(* Let $G$ be a graph and $m \geq 1$ an integer. If there exists an optimal packing coloring of $FSSD_m(G)$ which assigns color $1$ to all subdivided vertices, then $\chi_\rho(FSSD_m(G)) = \chi_\rho(FSSD_{m+1}(G))$.
   Context: All graphs are finite and simple. For a positive integer $i$, an $i$-packing in a graph is a set of vertices any two distinct members of which are at distance greater than $i$. A $k$-packing coloring of a graph $H$ is a map $c:V(H)\to\{1,\dots,k\}$ such that $c(u)=c(v)=i$ with $u \neq v$ implies $d_H(u,v)>i$; the packing chromatic number $\chi_\rho(H)$ is the least such $k$, and a $\chi_\rho(H)$-packing coloring is called optimal. For a positive integer $m$, $FSSD_m(G)$ is obtained from $G$ by replacing each edge $uv$ of $G$ by a copy of $K_{2,m}$: the edge $uv$ is deleted and $m$ new vertices are added, each adjacent to exactly $u$ and $v$. These new vertices are called the subdivided vertices of $FSSD_m(G)$. *)

From mathcomp Require Import all_boot.
Set Implicit Arguments.
Unset Strict Implicit.
Unset Printing Implicit Defensive.

(* A graph H is given by a finite vertex type V and an adjacency relation
   e : rel V.  [within e k x y] holds iff there is a walk of length at most
   k from x to y, i.e. d_H(x,y) <= k.  Hence d_H(x,y) > k iff
   ~~ within e k x y (vertices in different components are at infinite
   distance). *)
Fixpoint within (V : finType) (e : rel V) (k : nat) (x y : V) : bool :=
  match k with
  | 0 => x == y
  | k'.+1 => (x == y) || [exists z, e x z && within e k' z y]
  end.

Definition packing_coloring (V : finType) (e : rel V) (k : nat) (c : V -> nat)
  : bool :=
  [forall v, (1 <= c v <= k)] &&
  [forall u, forall v, ((u != v) && (c u == c v)) ==> ~~ within e (c u) u v].

(* H admits a k-packing coloring (colorings into {0..k} suffice, as
   colors must lie in {1..k}). *)
Definition has_packing_coloring (V : finType) (e : rel V) (k : nat) : bool :=
  [exists c : {ffun V -> 'I_k.+1},
     packing_coloring e k (fun v => nat_of_ord (c v))].

Lemma has_packing_coloring_ex (V : finType) (e : rel V) :
  exists k, has_packing_coloring e k.
Proof.
exists #|V|; apply/existsP.
exists [ffun v : V => inord (enum_rank v).+1 : 'I_#|V|.+1].
have Hc (v : V) : nat_of_ord ([ffun v : V => inord (enum_rank v).+1 : 'I_#|V|.+1] v)
            = (enum_rank v).+1.
  by rewrite ffunE inordK // ltnS; exact: ltn_ord.
apply/andP; split.
  by apply/forallP => v; rewrite Hc /=; exact: ltn_ord.
apply/forallP => u; apply/forallP => v; apply/implyP => /andP [Huv].
rewrite !Hc eqSS => /eqP /val_inj /enum_rank_inj Heq.
by rewrite Heq eqxx in Huv.
Qed.

Definition packing_chromatic (V : finType) (e : rel V) : nat :=
  ex_minn (has_packing_coloring_ex e).

(* Vertices: the vertices of G
   (inl w) and, for each edge {u,v} of G (represented once, with
   enum_rank u < enum_rank v) and each i < m, a subdivided vertex
   inr (u, v, i). *)
Definition fssd_valid (T : finType) (e : rel T) (m : nat)
  (x : T + (T * T * 'I_m)) : bool :=
  match x with
  | inl _ => true
  | inr (u, v, _) => e u v && (enum_rank u < enum_rank v)
  end.

Definition fssd_vert (T : finType) (e : rel T) (m : nat) : finType :=
  {x : T + (T * T * 'I_m) | fssd_valid e x}.

Definition fssd_adj0 (T : finType) (m : nat) (x y : T + (T * T * 'I_m))
  : bool :=
  match x, y with
  | inl w, inr (u, v, _) => (w == u) || (w == v)
  | inr (u, v, _), inl w => (w == u) || (w == v)
  | _, _ => false
  end.

Definition fssd_adj (T : finType) (e : rel T) (m : nat) : rel (fssd_vert e m) :=
  fun x y => fssd_adj0 (val x) (val y).

Definition subdivided (T : finType) (e : rel T) (m : nat) (x : fssd_vert e m)
  : bool :=
  if val x is inr _ then true else false.

(* Any relabelling h : 'I_n -> 'I_m of the parallel subdivided vertices is a
   graph homomorphism FSSD_n(G) -> FSSD_m(G), and a packing colouring pulled
   back along a homomorphism stays valid except possibly on the vertices it
   merges.  An injective relabelling merges nothing, so chi(FSSD_m(G)) is
   monotone in m.  Collapsing all m+1 copies onto one merges only subdivided
   vertices of a common edge; they are nonadjacent, hence at distance > 1,
   and the given optimal colouring gives them colour 1, so its pullback is a
   packing colouring of FSSD_(m+1)(G). *)
From mathcomp Require Import all_boot.

Set Implicit Arguments.
Unset Strict Implicit.
Unset Printing Implicit Defensive.

Section PackingChromatic.

Variables (V : finType) (e : rel V).

Lemma within1E (x y : V) : within e 1 x y = (x == y) || e x y.
Proof.
congr (_ || _); apply/existsP/idP => [[z /andP[xz /eqP <-]] //|xy].
by exists y; rewrite xy eqxx.
Qed.

Lemma has_packing_coloringP k :
  reflect (exists c, packing_coloring e k c) (has_packing_coloring e k).
Proof.
apply: (iffP existsP) => [[c c_col]|[c /andP[/forallP c_rng /forallP c_far]]].
  by exists (fun v => nat_of_ord (c v)).
exists [ffun v => inord (c v) : 'I_k.+1].
have cE v : nat_of_ord ([ffun v => inord (c v) : 'I_k.+1] v) = c v.
  by rewrite ffunE inordK // ltnS; case/andP: (c_rng v).
apply/andP; split; first by apply/forallP => v; rewrite cE.
apply/forallP => u; apply/forallP => v; rewrite !cE.
exact: (forallP (c_far u)).
Qed.

Lemma packing_chromatic_min k :
  has_packing_coloring e k -> packing_chromatic e <= k.
Proof. by rewrite /packing_chromatic; case: ex_minnP => k0 _; apply. Qed.

Lemma packing_chromaticP : has_packing_coloring e (packing_chromatic e).
Proof. by rewrite /packing_chromatic; case: ex_minnP. Qed.

End PackingChromatic.

Section PackingColoringComp.

Variables (V W : finType) (e : rel V) (e' : rel W).

Lemma within_homo (f : V -> W) k (x y : V) :
  {homo f : u v / e u v >-> e' u v} ->
  within e k x y -> within e' k (f x) (f y).
Proof.
move=> homo_f; elim: k x => [|k IHk] x /=; first by move/eqP->.
case/orP=> [/eqP->|/existsP[z /andP[xz zy]]]; first by rewrite eqxx.
by apply/orP; right; apply/existsP; exists (f z); rewrite homo_f ?IHk.
Qed.

Lemma packing_coloring_comp (f : V -> W) k c :
  {homo f : u v / e u v >-> e' u v} ->
  packing_coloring e' k c ->
  (forall x y, x != y -> f x = f y -> ~~ within e (c (f x)) x y) ->
  packing_coloring e k (c \o f).
Proof.
move=> homo_f /andP[/forallP c_range /forallP c_far] fiber_far.
apply/andP; split; first by apply/forallP => v; apply: c_range.
apply/forallP => u; apply/forallP => v; apply/implyP => /andP[uv /eqP /= cuv].
have [fuv|fuv] := eqVneq (f u) (f v); first exact: fiber_far.
have := implyP (forallP (c_far (f u)) (f v)).
rewrite fuv cuv eqxx => /(_ isT); apply: contra; exact: within_homo.
Qed.

Lemma packing_chromatic_comp_le (f : V -> W) k c :
  {homo f : u v / e u v >-> e' u v} ->
  packing_coloring e' k c ->
  (forall x y, x != y -> f x = f y -> ~~ within e (c (f x)) x y) ->
  packing_chromatic e <= k.
Proof.
move=> homo_f c_col fiber_far.
apply/packing_chromatic_min/has_packing_coloringP.
by exists (c \o f); apply: packing_coloring_comp fiber_far.
Qed.

Lemma packing_chromatic_inj_homo_le (f : V -> W) :
  injective f -> {homo f : u v / e u v >-> e' u v} ->
  packing_chromatic e <= packing_chromatic e'.
Proof.
move=> inj_f homo_f.
have /has_packing_coloringP[c c_col] := packing_chromaticP e'.
apply: packing_chromatic_comp_le homo_f c_col _ => x y /eqP xy /inj_f.
by move/xy.
Qed.

End PackingColoringComp.

Section Relabel.

Variables (T : finType) (e : rel T).

Definition relabel_sum m n (h : 'I_m -> 'I_n) (x : T + (T * T * 'I_m))
  : T + (T * T * 'I_n) :=
  match x with
  | inl w => inl w
  | inr (u, v, i) => inr (u, v, h i)
  end.

Lemma fssd_valid_relabel m n (h : 'I_m -> 'I_n) x :
  fssd_valid e (relabel_sum h x) = fssd_valid e x.
Proof. by case: x => [|[[]]]. Qed.

Definition fssd_relabel m n (h : 'I_m -> 'I_n) (x : fssd_vert e m)
  : fssd_vert e n :=
  exist _ (relabel_sum h (val x))
    (etrans (fssd_valid_relabel h (val x)) (valP x)).

Lemma fssd_relabel_homo m n (h : 'I_m -> 'I_n) :
  {homo fssd_relabel h : x y / fssd_adj x y >-> fssd_adj x y}.
Proof. by move=> [[?|[[? ?] ?]] ?] [[?|[[? ?] ?]] ?]. Qed.

Lemma relabel_sum_inj m n (h : 'I_m -> 'I_n) :
  injective h -> injective (relabel_sum h).
Proof.
by move=> inj_h [?|[[? ?] ?]] [?|[[? ?] ?]] //= [] => [->|-> -> /inj_h ->].
Qed.

Lemma fssd_relabel_inj m n (h : 'I_m -> 'I_n) :
  injective h -> injective (fssd_relabel h).
Proof. by move=> inj_h x y /(congr1 val) /(relabel_sum_inj inj_h) /val_inj. Qed.

Lemma fssd_relabel_fiber m n (h : 'I_m -> 'I_n) (x y : fssd_vert e m) :
  x != y -> fssd_relabel h x = fssd_relabel h y ->
  subdivided x && subdivided y.
Proof.
move=> /eqP xy /(congr1 val); rewrite /subdivided.
case: x y xy => [[a|[[? ?] ?]] ?] [[b|[[? ?] ?]] ?] //= xy [ab].
by case: xy; apply: val_inj; rewrite /= ab.
Qed.

Lemma subdivided_relabel m n (h : 'I_m -> 'I_n) (x : fssd_vert e m) :
  subdivided (fssd_relabel h x) = subdivided x.
Proof. by case: x => [[?|[[? ?] ?]] ?]. Qed.

Lemma subdivided_nonadj m (x y : fssd_vert e m) :
  subdivided x -> subdivided y -> ~~ fssd_adj x y.
Proof. by case: x y => [[?|[[? ?] ?]] ?] [[?|[[? ?] ?]] ?]. Qed.

Lemma packing_chromatic_fssd_mono m n :
  m <= n ->
  packing_chromatic (@fssd_adj T e m) <= packing_chromatic (@fssd_adj T e n).
Proof.
move=> le_mn.
apply: (packing_chromatic_inj_homo_le (f := fssd_relabel (widen_ord le_mn))).
  by apply: fssd_relabel_inj => i j [/val_inj].
exact: fssd_relabel_homo.
Qed.

Lemma packing_chromatic_fssd_le_of_subdivided1 m n (h : 'I_n -> 'I_m) k
    (c : fssd_vert e m -> nat) :
  packing_coloring (@fssd_adj T e m) k c ->
  (forall x, subdivided x -> c x = 1) ->
  packing_chromatic (@fssd_adj T e n) <= k.
Proof.
move=> c_col c_sub.
apply: packing_chromatic_comp_le (@fssd_relabel_homo n m h) c_col _.
move=> x y xy /(fssd_relabel_fiber xy) /andP[sx sy].
by rewrite c_sub ?subdivided_relabel // within1E negb_or xy subdivided_nonadj.
Qed.

End Relabel.

Theorem proposition4 (T : finType) (e : rel T)
  (e_sym : symmetric e) (e_irr : irreflexive e) (m : nat) (hm : 1 <= m) :
  (exists c : fssd_vert e m -> nat,
      packing_coloring (@fssd_adj T e m)
        (packing_chromatic (@fssd_adj T e m)) c
      /\ (forall x : fssd_vert e m, subdivided x -> c x = 1)) ->
  packing_chromatic (@fssd_adj T e m) = packing_chromatic (@fssd_adj T e m.+1).
Proof.
case=> c [c_col c_sub]; apply/eqP.
rewrite eqn_leq packing_chromatic_fssd_mono //=.
exact: (packing_chromatic_fssd_le_of_subdivided1 (fun _ => Ordinal hm)
          c_col c_sub).
Qed.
-- -- --
#### WHAT THIS TASK INVOLVES
Line count for the string "ffunE": state how many lines in the data contain it, and output nothing else.

#### PROBLEM SOLUTION
2